**REQUIREMENT**
Reply with nothing but the number of lines in the data below where the word "right" occurs.
________________________________________
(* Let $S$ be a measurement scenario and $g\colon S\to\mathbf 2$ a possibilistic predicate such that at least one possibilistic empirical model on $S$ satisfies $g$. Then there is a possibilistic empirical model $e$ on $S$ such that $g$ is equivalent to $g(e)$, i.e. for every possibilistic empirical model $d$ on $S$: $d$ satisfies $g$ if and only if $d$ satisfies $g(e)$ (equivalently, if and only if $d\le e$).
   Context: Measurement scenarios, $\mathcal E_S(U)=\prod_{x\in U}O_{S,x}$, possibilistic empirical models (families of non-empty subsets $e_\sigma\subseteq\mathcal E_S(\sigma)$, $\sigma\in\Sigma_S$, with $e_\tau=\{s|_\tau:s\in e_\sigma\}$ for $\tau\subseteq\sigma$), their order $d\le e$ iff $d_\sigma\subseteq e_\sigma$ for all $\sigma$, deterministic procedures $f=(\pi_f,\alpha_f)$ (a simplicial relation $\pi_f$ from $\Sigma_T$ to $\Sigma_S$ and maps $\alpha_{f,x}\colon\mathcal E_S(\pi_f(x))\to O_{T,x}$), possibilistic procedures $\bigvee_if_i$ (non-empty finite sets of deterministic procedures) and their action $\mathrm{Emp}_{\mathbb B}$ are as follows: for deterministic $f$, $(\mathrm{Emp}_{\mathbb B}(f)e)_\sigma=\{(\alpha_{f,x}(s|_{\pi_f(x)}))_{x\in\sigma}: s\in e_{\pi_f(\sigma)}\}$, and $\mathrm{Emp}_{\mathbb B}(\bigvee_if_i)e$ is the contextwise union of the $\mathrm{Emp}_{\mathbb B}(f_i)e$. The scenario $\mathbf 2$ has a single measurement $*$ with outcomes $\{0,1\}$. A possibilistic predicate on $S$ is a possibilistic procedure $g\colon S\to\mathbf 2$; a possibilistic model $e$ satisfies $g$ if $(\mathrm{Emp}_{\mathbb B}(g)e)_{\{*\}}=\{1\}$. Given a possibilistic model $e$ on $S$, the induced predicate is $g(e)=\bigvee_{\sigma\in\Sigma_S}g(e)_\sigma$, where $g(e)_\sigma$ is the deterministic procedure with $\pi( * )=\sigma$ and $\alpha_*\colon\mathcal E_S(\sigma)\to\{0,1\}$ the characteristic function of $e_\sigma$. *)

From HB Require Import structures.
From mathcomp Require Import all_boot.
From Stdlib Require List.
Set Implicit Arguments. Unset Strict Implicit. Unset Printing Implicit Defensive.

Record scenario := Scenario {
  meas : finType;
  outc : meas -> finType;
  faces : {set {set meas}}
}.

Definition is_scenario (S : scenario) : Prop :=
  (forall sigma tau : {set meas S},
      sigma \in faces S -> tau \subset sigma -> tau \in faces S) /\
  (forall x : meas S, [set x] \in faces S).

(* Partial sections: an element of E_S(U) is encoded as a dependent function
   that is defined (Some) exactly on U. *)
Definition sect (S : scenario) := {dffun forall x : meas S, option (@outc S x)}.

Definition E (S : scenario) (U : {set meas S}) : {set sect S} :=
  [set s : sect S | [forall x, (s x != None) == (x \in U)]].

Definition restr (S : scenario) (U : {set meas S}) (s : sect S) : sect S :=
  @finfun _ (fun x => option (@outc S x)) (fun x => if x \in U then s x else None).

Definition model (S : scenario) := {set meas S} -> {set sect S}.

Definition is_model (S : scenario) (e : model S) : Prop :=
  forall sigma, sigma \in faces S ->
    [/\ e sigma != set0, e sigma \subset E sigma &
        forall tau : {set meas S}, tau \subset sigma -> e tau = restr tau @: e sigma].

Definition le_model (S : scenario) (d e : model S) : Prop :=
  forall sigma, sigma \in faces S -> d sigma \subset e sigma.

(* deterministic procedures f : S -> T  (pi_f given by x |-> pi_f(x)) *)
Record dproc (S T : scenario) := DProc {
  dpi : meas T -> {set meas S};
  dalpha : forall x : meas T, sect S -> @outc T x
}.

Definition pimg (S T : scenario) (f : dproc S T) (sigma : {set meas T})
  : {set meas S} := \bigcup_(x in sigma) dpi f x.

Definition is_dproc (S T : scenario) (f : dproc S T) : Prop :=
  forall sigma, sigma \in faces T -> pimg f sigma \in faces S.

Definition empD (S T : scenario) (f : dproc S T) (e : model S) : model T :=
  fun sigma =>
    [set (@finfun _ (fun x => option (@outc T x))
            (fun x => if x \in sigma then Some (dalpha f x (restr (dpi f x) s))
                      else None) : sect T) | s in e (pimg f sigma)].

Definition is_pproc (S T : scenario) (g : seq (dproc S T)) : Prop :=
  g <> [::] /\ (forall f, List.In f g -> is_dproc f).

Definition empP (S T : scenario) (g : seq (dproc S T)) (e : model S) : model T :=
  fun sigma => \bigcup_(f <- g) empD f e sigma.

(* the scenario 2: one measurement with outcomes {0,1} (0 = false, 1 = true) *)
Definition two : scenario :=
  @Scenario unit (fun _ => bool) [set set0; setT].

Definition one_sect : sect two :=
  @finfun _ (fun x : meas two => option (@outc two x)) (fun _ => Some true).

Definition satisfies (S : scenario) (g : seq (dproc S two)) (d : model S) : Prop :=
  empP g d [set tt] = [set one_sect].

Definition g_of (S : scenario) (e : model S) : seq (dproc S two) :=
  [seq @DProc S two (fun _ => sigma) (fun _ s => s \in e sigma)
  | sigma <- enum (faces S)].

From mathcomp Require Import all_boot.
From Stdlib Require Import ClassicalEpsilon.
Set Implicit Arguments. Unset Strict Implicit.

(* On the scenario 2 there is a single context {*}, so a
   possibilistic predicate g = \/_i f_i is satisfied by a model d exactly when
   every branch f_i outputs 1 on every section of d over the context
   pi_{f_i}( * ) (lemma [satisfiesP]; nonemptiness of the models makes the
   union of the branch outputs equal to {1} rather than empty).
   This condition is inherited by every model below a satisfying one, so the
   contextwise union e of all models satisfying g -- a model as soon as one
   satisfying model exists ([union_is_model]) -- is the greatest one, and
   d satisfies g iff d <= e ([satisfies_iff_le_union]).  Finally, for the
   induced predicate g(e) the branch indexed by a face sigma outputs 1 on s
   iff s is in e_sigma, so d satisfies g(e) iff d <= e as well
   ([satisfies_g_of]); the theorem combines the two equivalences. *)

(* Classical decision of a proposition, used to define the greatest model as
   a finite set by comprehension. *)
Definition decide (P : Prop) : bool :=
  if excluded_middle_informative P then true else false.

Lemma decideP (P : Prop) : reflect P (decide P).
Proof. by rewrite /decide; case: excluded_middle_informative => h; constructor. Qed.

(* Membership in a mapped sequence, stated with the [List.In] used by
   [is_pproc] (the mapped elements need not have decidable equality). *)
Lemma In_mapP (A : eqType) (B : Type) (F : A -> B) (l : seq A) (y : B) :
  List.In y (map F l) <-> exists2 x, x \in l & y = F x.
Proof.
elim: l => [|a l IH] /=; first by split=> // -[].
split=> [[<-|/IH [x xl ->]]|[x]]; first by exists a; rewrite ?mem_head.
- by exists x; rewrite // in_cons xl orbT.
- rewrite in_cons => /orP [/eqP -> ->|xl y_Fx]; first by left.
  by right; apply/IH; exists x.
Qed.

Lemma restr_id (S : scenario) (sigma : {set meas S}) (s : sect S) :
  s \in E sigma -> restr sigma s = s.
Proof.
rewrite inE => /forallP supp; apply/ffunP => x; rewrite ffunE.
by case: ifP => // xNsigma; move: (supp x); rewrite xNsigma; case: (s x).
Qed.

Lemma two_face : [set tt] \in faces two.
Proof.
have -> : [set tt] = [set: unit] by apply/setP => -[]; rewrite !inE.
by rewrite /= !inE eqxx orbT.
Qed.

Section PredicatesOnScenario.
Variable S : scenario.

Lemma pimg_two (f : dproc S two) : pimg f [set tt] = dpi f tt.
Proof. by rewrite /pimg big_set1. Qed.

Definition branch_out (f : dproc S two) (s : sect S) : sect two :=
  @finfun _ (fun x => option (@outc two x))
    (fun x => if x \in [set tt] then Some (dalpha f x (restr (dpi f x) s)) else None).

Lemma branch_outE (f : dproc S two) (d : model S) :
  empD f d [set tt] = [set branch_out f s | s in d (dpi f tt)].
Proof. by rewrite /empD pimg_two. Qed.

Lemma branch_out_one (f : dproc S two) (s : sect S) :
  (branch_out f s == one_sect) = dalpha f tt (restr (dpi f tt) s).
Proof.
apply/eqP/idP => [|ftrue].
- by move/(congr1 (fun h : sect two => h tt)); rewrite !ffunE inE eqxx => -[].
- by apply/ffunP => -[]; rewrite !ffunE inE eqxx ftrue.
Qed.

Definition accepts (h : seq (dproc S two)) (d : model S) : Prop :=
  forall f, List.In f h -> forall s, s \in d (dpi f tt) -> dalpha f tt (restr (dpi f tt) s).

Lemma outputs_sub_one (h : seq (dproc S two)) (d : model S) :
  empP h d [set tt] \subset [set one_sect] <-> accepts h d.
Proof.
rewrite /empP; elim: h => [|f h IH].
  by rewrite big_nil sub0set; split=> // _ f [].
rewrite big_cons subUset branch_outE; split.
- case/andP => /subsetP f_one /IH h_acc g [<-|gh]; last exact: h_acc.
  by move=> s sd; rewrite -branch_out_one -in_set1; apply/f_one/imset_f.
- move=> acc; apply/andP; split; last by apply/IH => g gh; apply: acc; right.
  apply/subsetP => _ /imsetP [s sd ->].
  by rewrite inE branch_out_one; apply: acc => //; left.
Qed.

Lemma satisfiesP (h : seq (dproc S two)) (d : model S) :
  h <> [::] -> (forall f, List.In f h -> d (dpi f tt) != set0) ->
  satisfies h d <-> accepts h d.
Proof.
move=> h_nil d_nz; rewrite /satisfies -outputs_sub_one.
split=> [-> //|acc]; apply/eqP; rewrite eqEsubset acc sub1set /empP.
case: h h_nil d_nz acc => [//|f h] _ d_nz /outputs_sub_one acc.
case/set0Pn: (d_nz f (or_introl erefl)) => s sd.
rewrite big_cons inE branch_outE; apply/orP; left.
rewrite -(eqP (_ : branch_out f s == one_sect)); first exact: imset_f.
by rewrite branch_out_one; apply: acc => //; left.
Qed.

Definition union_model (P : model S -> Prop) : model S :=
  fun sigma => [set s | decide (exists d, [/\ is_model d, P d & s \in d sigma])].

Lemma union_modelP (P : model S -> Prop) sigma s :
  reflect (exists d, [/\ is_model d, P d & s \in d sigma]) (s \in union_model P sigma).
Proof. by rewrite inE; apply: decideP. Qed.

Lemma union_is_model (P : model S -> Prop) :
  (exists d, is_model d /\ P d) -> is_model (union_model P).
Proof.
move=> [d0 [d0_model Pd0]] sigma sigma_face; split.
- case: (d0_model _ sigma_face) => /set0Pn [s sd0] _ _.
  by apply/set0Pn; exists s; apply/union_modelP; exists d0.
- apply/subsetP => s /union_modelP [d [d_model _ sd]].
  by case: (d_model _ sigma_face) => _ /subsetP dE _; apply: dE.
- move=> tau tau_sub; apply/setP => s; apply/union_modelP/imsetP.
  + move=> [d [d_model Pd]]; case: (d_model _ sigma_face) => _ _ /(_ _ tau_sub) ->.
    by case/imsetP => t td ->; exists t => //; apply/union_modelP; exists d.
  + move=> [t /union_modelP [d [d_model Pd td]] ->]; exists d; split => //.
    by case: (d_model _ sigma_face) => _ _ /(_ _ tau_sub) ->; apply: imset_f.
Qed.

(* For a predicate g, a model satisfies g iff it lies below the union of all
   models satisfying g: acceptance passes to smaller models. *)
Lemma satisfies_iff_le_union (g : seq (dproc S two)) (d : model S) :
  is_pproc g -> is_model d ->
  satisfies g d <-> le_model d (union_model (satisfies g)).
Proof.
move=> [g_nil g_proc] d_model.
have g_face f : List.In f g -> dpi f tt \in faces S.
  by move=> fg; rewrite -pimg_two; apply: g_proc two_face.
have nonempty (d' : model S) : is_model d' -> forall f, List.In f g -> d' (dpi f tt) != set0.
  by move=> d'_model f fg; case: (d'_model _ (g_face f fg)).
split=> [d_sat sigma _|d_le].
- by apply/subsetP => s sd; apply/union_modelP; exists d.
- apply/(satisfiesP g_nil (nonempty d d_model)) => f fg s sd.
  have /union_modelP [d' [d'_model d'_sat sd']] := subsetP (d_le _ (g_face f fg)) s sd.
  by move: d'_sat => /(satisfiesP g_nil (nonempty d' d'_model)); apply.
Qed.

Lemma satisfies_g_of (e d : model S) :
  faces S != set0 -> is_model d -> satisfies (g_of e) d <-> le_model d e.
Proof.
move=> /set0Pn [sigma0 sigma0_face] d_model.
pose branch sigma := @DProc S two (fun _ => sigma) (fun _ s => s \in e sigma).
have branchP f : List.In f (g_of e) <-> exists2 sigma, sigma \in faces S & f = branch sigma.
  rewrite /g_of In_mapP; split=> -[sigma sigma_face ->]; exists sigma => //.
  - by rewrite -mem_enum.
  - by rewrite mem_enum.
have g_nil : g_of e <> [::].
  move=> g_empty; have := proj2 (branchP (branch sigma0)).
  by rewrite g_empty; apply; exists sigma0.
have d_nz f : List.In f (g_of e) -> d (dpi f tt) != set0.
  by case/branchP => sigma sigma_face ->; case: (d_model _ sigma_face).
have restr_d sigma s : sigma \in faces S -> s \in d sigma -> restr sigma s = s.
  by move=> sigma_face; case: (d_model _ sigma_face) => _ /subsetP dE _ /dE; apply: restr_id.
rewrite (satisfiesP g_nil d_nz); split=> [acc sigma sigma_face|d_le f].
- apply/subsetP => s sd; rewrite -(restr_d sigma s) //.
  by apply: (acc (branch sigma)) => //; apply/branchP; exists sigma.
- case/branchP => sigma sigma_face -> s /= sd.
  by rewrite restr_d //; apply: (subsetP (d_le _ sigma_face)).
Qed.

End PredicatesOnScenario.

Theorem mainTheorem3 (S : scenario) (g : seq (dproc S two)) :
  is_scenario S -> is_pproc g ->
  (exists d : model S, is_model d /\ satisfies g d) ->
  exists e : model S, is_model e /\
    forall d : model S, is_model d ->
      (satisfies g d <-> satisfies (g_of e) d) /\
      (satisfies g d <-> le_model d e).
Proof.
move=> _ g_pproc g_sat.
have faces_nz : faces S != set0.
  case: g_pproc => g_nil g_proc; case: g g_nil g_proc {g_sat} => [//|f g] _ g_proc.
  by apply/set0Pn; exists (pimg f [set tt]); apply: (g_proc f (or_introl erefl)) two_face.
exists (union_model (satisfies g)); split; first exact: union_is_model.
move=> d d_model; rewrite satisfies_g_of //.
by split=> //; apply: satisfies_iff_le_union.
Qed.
________________________________________
**SOLUTION BELOW**
2